Olga Sanchez, Respondent,
v
City of New York et al., Defendants, and South Bronx Community Management Company, Inc., Appellant.

—[*1] Paul Bleifer & Associates, New York City (Paul E. Bleifer of counsel), for appellant.

Mirman, Markovits & Landau, P.C., New York City (Brad S. Levin of counsel), for respondent.

Order, Supreme Court, Bronx County (Paul A. Victor, J.), entered May 23, 2007, which, upon reargument, adhered to a prior order denying the motion by defendant South Bronx Community Management (SBCM) for summary judgment, unanimously affirmed, without costs. Appeal from order, same court and Justice, entered August 9, 2006, unanimously dismissed, without costs, as superseded by appeal from the subsequent order on reargument.
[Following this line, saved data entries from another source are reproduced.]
Lemma convex_conv (S : set M) : Defs.convex_set (Defs.conv S).
Proof.
move=> a b [N1 [w1 [x1 [w10 [w11 [Sx1 ->]]]]]] [N2 [w2 [x2 [w20 [w21 [Sx2 ->]]]]]].
move=> _ [s + <-]; rewrite /= in_itv /= => /andP[s0 s1].
have splitl j : fintype.split (lshift N2 j) = inl j := unsplitK (inl j).
have splitr j : fintype.split (rshift N1 j) = inr j := unsplitK (inr j).
exists (N1 + N2)%N.
exists (fun i => match fintype.split i with
                 | inl j => (1 - s) * w1 j | inr j => s * w2 j end).
exists (fun i => match fintype.split i with inl j => x1 j | inr j => x2 j end).
split; first by move=> i; case: (fintype.split i) => j; rewrite mulr_ge0 ?subr_ge0.
split.
  rewrite big_split_ord /=; under eq_bigr do rewrite splitl.
  under [X in _ + X]eq_bigr do rewrite splitr.
  by rewrite -!mulr_sumr w11 w21 !mulr1 subrK.
split; first by move=> i; case: (fintype.split i).
rewrite big_split_ord /=; under [X in _ = X + _]eq_bigr do rewrite splitl.
under [X in _ = _ + X]eq_bigr do rewrite splitr.
by rewrite !scaler_sumr; congr (_ + _); apply: eq_bigr => i _; rewrite scalerA.
Qed.

Lemma convex_closure (C : set M) : Defs.convex_set C -> Defs.convex_set (closure C).
Proof.
move=> cC a b ca cb _ [s + <-]; rewrite /= in_itv /= => /andP[s0 s1].
move=> B /nbhs_ballP [e e0 sB].
have [a' [Ca' aa']] := ca _ (nbhsx_ballx a e e0).
have [b' [Cb' bb']] := cb _ (nbhsx_ballx b e e0).
exists ((1 - s) *: a' + s *: b'); split; first exact: convex_comb.
apply: sB; move: aa' bb'; rewrite -ball_normE /= => ha hb.
have -> : (1 - s) *: a + s *: b - ((1 - s) *: a' + s *: b') =
    (1 - s) *: (a - a') + s *: (b - b').
  by rewrite !scalerBr opprD !addrA; congr (_ - _); rewrite addrAC.
apply: le_lt_trans (ler_normD _ _) _; rewrite !normrZ (ger0_norm s0).
rewrite ger0_norm ?subr_ge0 //.
have [->|s_neq0] := eqVneq s 0; first by rewrite subr0 !mul1r mul0r addr0.
have s_gt0 : 0 < s by rewrite lt_neqAle eq_sym s_neq0.
nra.
Qed.

Definition twoway_dirs (D : set M) (x : M) : set M :=
  [set d | exists2 e, 0 < e & forall s, `|s| <= e -> D (x + s *: d)].

(* The smallest face of D containing x. *)
Definition face_at (D : set M) (x : M) : set M :=
  [set y | D y /\ twoway_dirs D x (y - x)].

Lemma subspace_twoway_dirs D x : Defs.convex_set D -> D x ->
  subspace_set (twoway_dirs D x).
Proof.
move=> cD Dx; have dir0 : twoway_dirs D x 0.
  by exists 1 => // s _; rewrite scaler0 addr0.
split=> // [u v [e1 e1_gt0 Du] [e2 e2_gt0 Dv] | c u [e e_gt0 Du]].
  set e := Num.min e1 e2; have e_gt0 : 0 < e by rewrite lt_min e1_gt0.
  exists (e / 2) => [|s s_le]; first by rewrite divr_gt0.
  have : `|2 * s| <= e by rewrite normrM ger0_norm // mulrC -ler_pdivlMr.
  rewrite le_min => /andP[s2e1 s2e2].
  have := convex_comb cD (Du _ s2e1) (Dv _ s2e2) (_ : 0 <= 1 / 2) (_ : 1 / 2 <= 1).
  have -> : (1 - 1 / 2) *: (x + (2 * s) *: u) + 1 / 2 *: (x + (2 * s) *: v) =
      x + s *: (u + v) by apply/matrixP => i j; rewrite !mxE; field.
  by apply; lra.
have [->|c_neq0] := eqVneq c 0; first by rewrite scale0r.
have c_gt0 : 0 < `|c| by rewrite normr_gt0.
exists (e / `|c|) => [|s s_le]; first exact: divr_gt0.
by rewrite scalerA; apply: Du; rewrite normrM -ler_pdivlMr.
Qed.

Lemma face_at_center D x : D x -> face_at D x x.
Proof.
by move=> Dx; split=> //; rewrite subrr; exists 1 => // s _; rewrite scaler0 addr0.
Qed.

Lemma twoway_dirs_segment D x a b z :
  Defs.convex_set D -> Defs.segment a b `<=` D ->
  open_segment a b z -> twoway_dirs D x (z - x) -> twoway_dirs D x (b - a).
Proof.
move=> cD abD [s + zE] [e e_gt0 De]; rewrite /= in_itv /= => /andP[s_gt0 s_lt1].
pose beta := e / (1 + e); pose mu := s * (1 - s).
have beta_gt0 : 0 < beta by rewrite divr_gt0 //; lra.
have beta_le1 : beta <= 1 by rewrite ler_pdivrMr; lra.
have mu_gt0 : 0 < mu by rewrite mulr_gt0 // subr_gt0.
exists (beta * mu) => [|t t_le]; first exact: mulr_gt0.
(* x + t (b - a) is the beta-combination of the point x - e (z - x) beyond x
   and of z + (t / beta) (b - a), which stays on [a, b] since |t / beta| <= mu. *)
pose del := t / beta.
have : `|del| <= mu.
  by rewrite normrM normfV (gtr0_norm beta_gt0) ler_pdivrMr // mulrC.
rewrite ler_norml => /andP[del_ge del_le].
have far : D (x + (- e) *: (z - x)) by apply: De; rewrite normrN gtr0_norm.
have near : D ((1 - (s + del)) *: a + (s + del) *: b).
  by apply: abD; apply: segment_pt; rewrite /mu in del_ge del_le; nra.
have := convex_comb cD far near (ltW beta_gt0) beta_le1.
suff -> : (1 - beta) *: (x + (- e) *: (z - x)) +
    beta *: ((1 - (s + del)) *: a + (s + del) *: b) = x + t *: (b - a) by [].
rewrite -zE; apply/matrixP => i j; rewrite !mxE /del /beta.
by field; rewrite !gt_eqF //; lra.
Qed.

Lemma face_face_at D x : Defs.convex_set D -> D x -> face D (face_at D x).
Proof.
move=> cD Dx; have [_ dirD dirZ] := subspace_twoway_dirs cD Dx.
split.
  move=> a b [Da da] [Db db] _ [s + <-]; rewrite /= in_itv /= => /andP[s0 s1].
  split; first exact: convex_comb.
  have -> : (1 - s) *: a + s *: b - x = (1 - s) *: (a - x) + s *: (b - x).
    by apply/matrixP => i j; rewrite !mxE; ring.
  by apply: dirD; apply: dirZ.
split; first by move=> y [].
move=> a b abD [z [zab [_ dz]]] _ [u + <-]; rewrite /= in_itv /= => /andP[u0 u1].
have dba := twoway_dirs_segment cD abD zab dz.
split; first by apply: abD; exact: segment_pt.
case: zab => s _ zE.
have -> : (1 - u) *: a + u *: b - x = (z - x) + (u - s) *: (b - a).
  by rewrite -zE; apply/matrixP => i j; rewrite !mxE; ring.
exact: dirD dz (dirZ _ _ dba).
Qed.

Lemma extreme_lmi_cut_dirs_eq0 m (A : 'I_m -> M) bl bu D x :
  extreme_point (lmi_cut A bl bu D) x ->
  forall d, twoway_dirs D x d -> (forall i, tip (A i) d = 0) -> d = 0.
Proof.
move=> [[_ cx] xext] d [e e_gt0 De] Ad0.
have cut s : `|s| <= e -> lmi_cut A bl bu D (x + s *: d).
  move=> s_le; split; first exact: De.
  by move=> i; rewrite tipDZ Ad0 mulr0 addr0; exact: cx.
have mid : open_segment (x + (- e) *: d) (x + e *: d) x.
  exists (1 / 2); first by rewrite /= in_itv /=; apply/andP; split; lra.
  by apply/matrixP => i j; rewrite !mxE; field.
have := xext _ _ (cut _ _) (cut _ _) mid.
rewrite normrN gtr0_norm // => /(_ (lexx _) (lexx _)) /addrI/eqP.
by rewrite -subr_eq0 -scalerBl scaler_eq0 => /orP[/eqP ?|/eqP //]; exfalso; lra.
Qed.

Lemma faces_le_face_at m d (A : 'I_m -> M) bl bu D x : Defs.convex_set D ->
  extreme_point (lmi_cut A bl bu D) x -> (lmi_dim A <= d)%N ->
  faces_le D d (face_at D x).
Proof.
move=> cD xext rAd; have [[Dx _] _] := xext.
split; first exact: face_face_at.
have [v vspan] := subspace_lmi_span (subspace_twoway_dirs cD Dx) rAd
  (extreme_lmi_cut_dirs_eq0 xext).
right; exists x; split; first exact: face_at_center.
by exists v => y [_ /vspan].
Qed.

Lemma extreme_lmi_cut_of_face m d D G y :
  Defs.convex_set D -> faces_le D d G -> G y -> (d <= m)%N -> (d <= n * p)%N ->
  exists A : 'I_m -> M, lmi_dim A = d /\
    extreme_point
      (lmi_cut A (fun i => (tip (A i) y)%:E) (fun i => (tip (A i) y)%:E) D) y.
Proof.
move=> cD [[_ [GD Gface]] Gdim] Gy dm dN.
case: Gdim => [G0|[x0 [_ [v vspan]]]]; first by rewrite G0 in Gy.
have [A [rA Ainj]] := lmi_injective_on_span v dm dN.
exists A; split => //; split; first by split; [exact: GD | move=> i; split].
move=> a b [Da ca] [Db cb] yab.
have abG := Gface a b (cD a b Da Db) (ex_intro _ y (conj yab Gy)).
have [c1 ea] := vspan a (abG a (segment_left a b)).
have [c2 eb] := vspan b (abG b (segment_right a b)).
have eab : a - b = \sum_j (c1 j - c2 j) *: v j.
  have -> : a - b = (a - x0) - (b - x0) by rewrite opprB addrA subrK.
  rewrite ea eb -sumrB.
  by apply: eq_bigr => j _; rewrite scalerBl.
have tip_y X i : (forall i, ((tip (A i) y)%:E <= (tip (A i) X)%:E)%E /\
    ((tip (A i) X)%:E <= (tip (A i) y)%:E)%E) -> tip (A i) X = tip (A i) y.
  by move=> /(_ i) [h1 h2]; apply/le_anti; rewrite -!lee_fin h1 h2.
apply/subr0_eq; rewrite eab; apply: Ainj => i; rewrite -eab -[- b]scaleN1r tipDZ.
by rewrite (tip_y _ _ ca) (tip_y _ _ cb) mulN1r subrr.
Qed.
Plaintiff's deposition testimony and statements in her opposing affidavit were not contradictory, and any inconsistency as to her description of the ice/snow patch in the shoveled pathway on the sidewalk abutting SBCM's premises would be for the jury to resolve (Alvarez v New York City Hous. Auth., 295 AD2d 225, 226 [2002]). SBCM's superintendent testified that his regular practice was to clear ice and snow from the entire sidewalk area abutting the premises, while plaintiff testified that she fell on a dirty ice patch located within a narrow shoveled pathway, that there were other ice patches in the pathway, and that a safe alternative route to get around the hazard she slipped on did not exist. This raised triable issues of fact as to whether SBCM had been negligent in making the sidewalk area more hazardous by shoveling the pathway (see Rugova v 2199 Holland Ave. Apt. Corp., 272 AD2d 261 [2000]; cf. Sanders v City of New York, 17 AD3d 169 [2005]). The differing opinions offered by the parties' meteorological experts as to whether, inter alia, it was cold enough, during the nearly 12-hour period after the four-inch snowfall stopped, for a patch of snow/ice to remain on the shoveled pathway until the accident, raise issues of fact (see generally Vega v S.S.A. Props., Inc., 13 AD3d 298, 302 [2004]). [*2]

We have considered SBCM's remaining arguments and find them without merit. Concur—Lippman, P.J., Tom, Buckley and Gonzalez, JJ.